I just want to create a directory layout for my scala project with sbt and sbteclipse. Following is my sbt file.
import com.typesafe.sbteclipse.plugin.EclipsePlugin.EclipseKeys
name := "BGS"
organization := "com.example"
version := "1.0.0"
scalaVersion := "2.9.2"
scalacOptions ++= Seq("-deprecation")
EclipseKeys.createSrc := EclipseCreateSrc.Default + EclipseCreateSrc.Resource
EclipseKeys.projectFlavor := EclipseProjectFlavor.Scala
scalaSource in Compile <<= (sourceDirectory in Compile)(_ / "scala")
scalaSource in Test <<= (sourceDirectory in Test)(_ / "scala")
libraryDependencies += "org.scalatest" %% "scalatest" % "1.8" % "test"
libraryDependencies += "junit" % "junit" % "4.10" % "test"
unmanagedBase <<= baseDirectory { base => base / "lib" }
unmanagedJars in Compile <<= baseDirectory map { base => (base ** "*.jar").classpath }
In this sbt file, I had to use folling to lines to force creation of Scala directories:
scalaSource in Compile <<= (sourceDirectory in Compile)(_ / "scala")
scalaSource in Test <<= (sourceDirectory in Test)(_ / "scala")
Furthermore, after running "eclipse" from sbt console, I imported the project to Eclipse, but I could not create Scala class. Eclipse project icon has "J" letter attached to it indicating it is a Java project :-?
Why does sbt and sbteclipse default to Java?
I am running sbt version 0.12 (latest version as of Nov 2012), scala 2.9.2
For your information, what I am aiming to do is use sbt to create working project with following directory structure:
├── build.sbt
├── lib
│   ├── biojava3-core-3.0.4.jar
├── project
│   ├── plugins.sbt
│   ├── project
│   │   └── target
│   └── target
│   ├── config-classes
│   ├── scala-2.9.2
│   └── streams
├── src
│   ├── main
│   │   ├── java
│   │   ├── resources
│   │   └── scala
│   └── test
│   ├── java
│   ├── resources
│   └── scala
├── target
│   ├── scala-2.9.2
│   │   ├── cache
│   │   ├── classes
│   │   └── test-classes
│   └── streams
│   └── compile
└── test
Since I haven't got any desirable answers so far, I am trending into Typesafe Stack. I removed manually-installed scala and sbt and I am using everything from Typesafe Stack. I will update more when I am done testing with this way.
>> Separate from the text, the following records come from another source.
(* Off [b], [c], [d], the four vectors vanish together except that [Y] may
   not, or are all nonzero; either way the coordinate contributes an even
   amount to the two detours. *)
Lemma even_detours_off U V :
  svzero U = [set a; c] :|: A -> svzero V = [set a; d] :|: A ->
  forall e, e \notin [:: b; c; d] -> ~~ odd (detour_at X U Y e + detour_at X V Y e).
Proof.
move=> zU zV e; rewrite !inE !negb_or => /and3P [eb ec ed].
have zeroes : [/\ (X e == None) = (e == a) || (e \in A),
                  (U e == None) = (e == a) || (e \in A),
                  (V e == None) = (e == a) || (e \in A) &
                  (Y e == None) = (e \in A)].
  by rewrite -!in_svzero zX zU zV zY !inE (negbTE eb) (negbTE ec) (negbTE ed) /= ?orbF.
rewrite /detour_at; case: (boolP ((e == a) || (e \in A))) => [z|nz].
  by case: zeroes; rewrite z => /eqP -> /eqP -> /eqP -> _; rewrite !sign_opp0r.
have eA : e \notin A by apply: contra nz => ->; rewrite orbT.
case: zeroes; rewrite (negbTE nz) (negbTE eA) => /negbT Xe /negbT Ue /negbT Ve /negbT Ye.
by rewrite oddD !odd_sign_opp_add ?addbb.
Qed.

(* The parity argument: only [b], [c], [d] matter, and the elimination of [b]
   between [U] and [V] (or [-V]) makes their total contribution odd. *)
Lemma odd_detours U V : U \in C -> V \in C ->
  svzero U = [set a; c] :|: A -> svzero V = [set a; d] :|: A ->
  odd (detour X U Y + detour X V Y).
Proof.
move=> UC VC zU zV.
have Xb : X b = None by apply/eqP; rewrite -in_svzero zX !inE eqxx orbT.
have [Uc Yc] : U c = None /\ Y c = None.
  by split; apply/eqP; rewrite -in_svzero ?zU ?zY !inE eqxx ?orbT.
have [Vd Yd] : V d = None /\ Y d = None.
  by split; apply/eqP; rewrite -in_svzero ?zV ?zY !inE eqxx ?orbT.
have [Ub Vb Yb] : [/\ U b != None, V b != None & Y b != None].
  by rewrite -!in_svzero zU zV zY !inE !frameE.
have [Xc Vc Xd Ud] : [/\ X c != None, V c != None, X d != None & U d != None].
  by rewrite -!in_svzero zX zV zU !inE !frameE.
have Xzero f : X f = None -> f = b \/ (U f = None /\ V f = None).
  move=> Xf; case: (eqVneq f b) => [->|fb]; [by left | right].
  have : (f == a) || (f \in A) by move/eqP: Xf; rewrite -in_svzero zX !inE (negbTE fb) orbF.
  by case/orP => z; split; apply/eqP; rewrite -in_svzero ?zU ?zV !inE z ?orbT.
have [UV UnV] : U <> V /\ U <> svneg V.
  by apply: svneq_of_zero; apply: contraNneq Vc => eqUV; rewrite -in_svzero -eqUV in_svzero Uc.
rewrite !detour_sum -big_split (odd_sum_support _ (even_detours_off zU zV)) /=;
  last by rewrite !inE !frameE.
rewrite !big_cons big_nil addn0 /detour_at Xb Uc Yc Vd Yd !sign_opp0r /= !add0n !addn0.
rewrite oddD (sign_oppC (V b)) odd_sign_opp_add // oddD !oddb.
case oppb: (sign_opp (U b) (V b)).
  by rewrite (elim_sign_transfer om XC UC VC UnV oppb Xzero Uc Vd Xc Xd) addbb.
have oppNb : sign_opp (U b) (svneg V b) by rewrite svnegE sign_oppNr // oppb.
have UnNN : U <> svneg (svneg V) by rewrite svnegK.
have XzeroN f : X f = None -> f = b \/ (U f = None /\ svneg V f = None).
  by move/Xzero => [->|[Uf Vf]]; [left | right; rewrite svnegE Vf].
have VNd : svneg V d = None by rewrite svnegE Vd.
have := elim_sign_transfer om XC UC (svneg_in om VC) UnNN oppNb XzeroN Uc VNd Xc Xd.
by rewrite svnegE sign_oppNr // => <-; case: sign_opp.
Qed.

Let card_frame x y :
  x != y -> x \notin A -> y \notin A -> #|[set x; y] :|: A| = #|A| + 2.
Proof. by move=> xy xA yA; rewrite -setUA !cardsU1 in_setU1 negb_or xy xA yA /= !add1n addn2. Qed.

Let frame_sub x y z : x \in [set y; z] -> x |: A \subset [set y; z] :|: A.
Proof. by move=> xyz; rewrite subUset sub1set in_setU xyz subsetUr. Qed.

Lemma codist_two_changes : om_rank C r -> codist_le C r X Y (#|E| - r + 1).
Proof.
move=> rank.
have cA : #|A| + 2 = r.-1 by rewrite -(un XC) zX card_frame ?frameE.
have r_gt0 : 0 < r by move: cA; lia.
have [U UC zU] : hyperplane C ([set a; c] :|: A).
  by apply: (every_set_hyperplane om un rank r_gt0); rewrite card_frame ?frameE.
have [V VC zV] : hyperplane C ([set a; d] :|: A).
  by apply: (every_set_hyperplane om un rank r_gt0); rewrite card_frame ?frameE.
have common e (P Q : {set E}) : e \notin A -> e |: A \subset P -> e |: A \subset Q ->
    r - 2 <= #|P :&: Q|.
  move=> eA eP eQ; have : e |: A \subset P :&: Q by rewrite subsetI eP eQ.
  by move/subset_leq_card; rewrite cardsU1 eA; lia.
have aA : a \notin A by rewrite frameE.
have aY : a \notin svzero Y by rewrite zY !inE !frameE.
have aX : a |: A \subset svzero X by rewrite zX frame_sub // !inE eqxx.
have stop W z : W \in C -> svzero W = [set a; z] :|: A -> z \in [set c; d] ->
    codist_le C r X Y (#|E| - r + 1) \/ detour X W Y = #|E| - r.
  move=> WC zW zcd.
  have [zA zX'] : z \notin A /\ z \notin svzero X.
    by move: zcd; rewrite zX !inE => /orP [] /eqP ->; rewrite !frameE.
  have [aW zW'] : a |: A \subset svzero W /\ z |: A \subset svzero W.
    by rewrite zW !frame_sub // !inE eqxx ?orbT.
  apply: (short_or_tight om un r_gt0 XC WC YC _ zX' _ aY).
  - by apply: (subsetP zW'); rewrite setU11.
  - by apply: (subsetP aW); rewrite setU11.
  - exact: common aA aX aW.
  - by apply: common zA zW' _; rewrite zY frame_sub.
have [//|tightU] := stop U c UC zU (set21 c d).
have [//|tightV] := stop V d VC zV (set22 c d).
by have := odd_detours UC VC zU zV; rewrite tightU tightV addnn odd_double.
Qed.

End TwoChanges.

Theorem corollary4p3 (E : finType) (C : {set {ffun E -> option bool}}) (r : nat)
    (X Y : {ffun E -> option bool}) :
  is_om C -> om_rank C r -> om_uniform C r -> 3 <= r ->
  X \in C -> Y \in C -> #|svzero X :\: svzero Y| = 2 ->
  codist_le C r X Y (#|E| - r + 1).
Proof.
move=> om rank un _ XC YC two.
have cXY : #|svzero X| = #|svzero Y| by rewrite (un X XC) (un Y YC).
have [a [b [c [d [zX zY distinct disj]]]]] := two_swap_decomposition cXY two.
exact: (codist_two_changes om un XC YC zX zY distinct disj rank).
Qed.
Here is the final update as I promised:
I followed instruction in this link and it worked perfectly:
http://typesafe.com/resources/typesafe-stack/downloading-installing.html
Detailed information in case somebody want to follow for Mac OSX:
Basically, I first I switched macport to homebrew following instruction here:
http://bitboxer.de/2010/06/03/moving-from-macports-to-homebrew/
Then I did:
brew install scala sbt maven giter8
Then create a Scala project from command line:
g8 typesafehub/scala-sbt
Finally I followed instruction here to add sbteclipse and convert the project to eclipse:
https://github.com/typesafehub/sbteclipse
Everything works as I expect.
Why do you want sbt to create those directors? why not jsut create them yourself. It's a one time event.
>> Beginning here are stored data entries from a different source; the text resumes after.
Lemma is_monomial_add (N : nat) (A B : Op) (p : nat -> nat) (a b : nat -> C) :
  is_monomial N A p a -> is_monomial N B p b ->
  is_monomial N (Opadd A B) p (fun x => Cadd (a x) (b x)).
Proof.
  intros [Hp HA] [_ HB]. split; auto. intros x y Hx Hy. unfold Opadd.
  rewrite HA, HB by auto. unfold monomial. destruct (Nat.eqb y (p x)); ring.
Qed.

Lemma is_monomial_sub (N : nat) (A B : Op) (p : nat -> nat) (a b : nat -> C) :
  is_monomial N A p a -> is_monomial N B p b ->
  is_monomial N (Opsub A B) p (fun x => Csub (a x) (b x)).
Proof.
  intros [Hp HA] [_ HB]. split; auto. intros x y Hx Hy. unfold Opsub.
  rewrite HA, HB by auto. unfold monomial, Csub. destruct (Nat.eqb y (p x)); ring.
Qed.

Lemma is_monomial_ext (N : nat) (A : Op) (p p' : nat -> nat) (a a' : nat -> C) :
  is_monomial N A p a ->
  (forall x, (x < 2^N)%nat -> p x = p' x) ->
  (forall x, (x < 2^N)%nat -> a x = a' x) -> is_monomial N A p' a'.
Proof.
  intros [Hp HA] Ep Ea. split.
  - intros x Hx. rewrite <- Ep; auto.
  - intros x y Hx Hy. rewrite HA by auto. unfold monomial. rewrite Ep, Ea by auto. reflexivity.
Qed.

Lemma monomial_commute (N : nat) (p q : nat -> nat) (a b : nat -> C) (x y : nat) :
  (p x < 2^N)%nat -> (q x < 2^N)%nat ->
  q (p x) = p (q x) -> b (p x) = b x -> a (q x) = a x ->
  Opmul N (monomial p a) (monomial q b) x y = Opmul N (monomial q b) (monomial p a) x y.
Proof.
  intros Hp Hq Epq Eb Ea. rewrite !Opmul_monomial_l by auto. unfold monomial.
  rewrite Epq, Eb, Ea. destruct (Nat.eqb y (p (q x))); ring.
Qed.

Lemma Opid_monomial (N : nat) : is_monomial N Opid (fun x => x) (fun _ => C1).
Proof. split; auto. intros x y _ _. unfold Opid, monomial. rewrite Nat.eqb_sym. reflexivity. Qed.

Lemma agree_off_spec (N i x y : nat) : agree_off N (S i) x y = true <->
  (forall k, (k < N)%nat -> k <> i -> bit x k = bit y k).
Proof.
  unfold agree_off. replace (S i - 1)%nat with i by lia. rewrite forallb_forall. split.
  - intros H k Hk Hne. specialize (H k). rewrite in_seq in H.
    destruct (proj1 (orb_true_iff _ _) (H ltac:(lia))) as [Hki|Hxy].
    + apply Nat.eqb_eq in Hki. lia.
    + apply Bool.eqb_prop. exact Hxy.
  - intros H k Hk. rewrite in_seq in Hk. apply orb_true_iff.
    destruct (Nat.eq_dec k i) as [->|Hne].
    + left. apply Nat.eqb_refl.
    + right. rewrite H by lia. apply Bool.eqb_reflx.
Qed.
You shouldnt need any of the following lines
EclipseKeys.createSrc := EclipseCreateSrc.Default + EclipseCreateSrc.Resource
EclipseKeys.projectFlavor := EclipseProjectFlavor.Scala
scalaSource in Compile <<= (sourceDirectory in Compile)(_ / "scala")
scalaSource in Test <<= (sourceDirectory in Test)(_ / "scala")
I normally just do mkdir -p src/main/scala whenever I start a new project.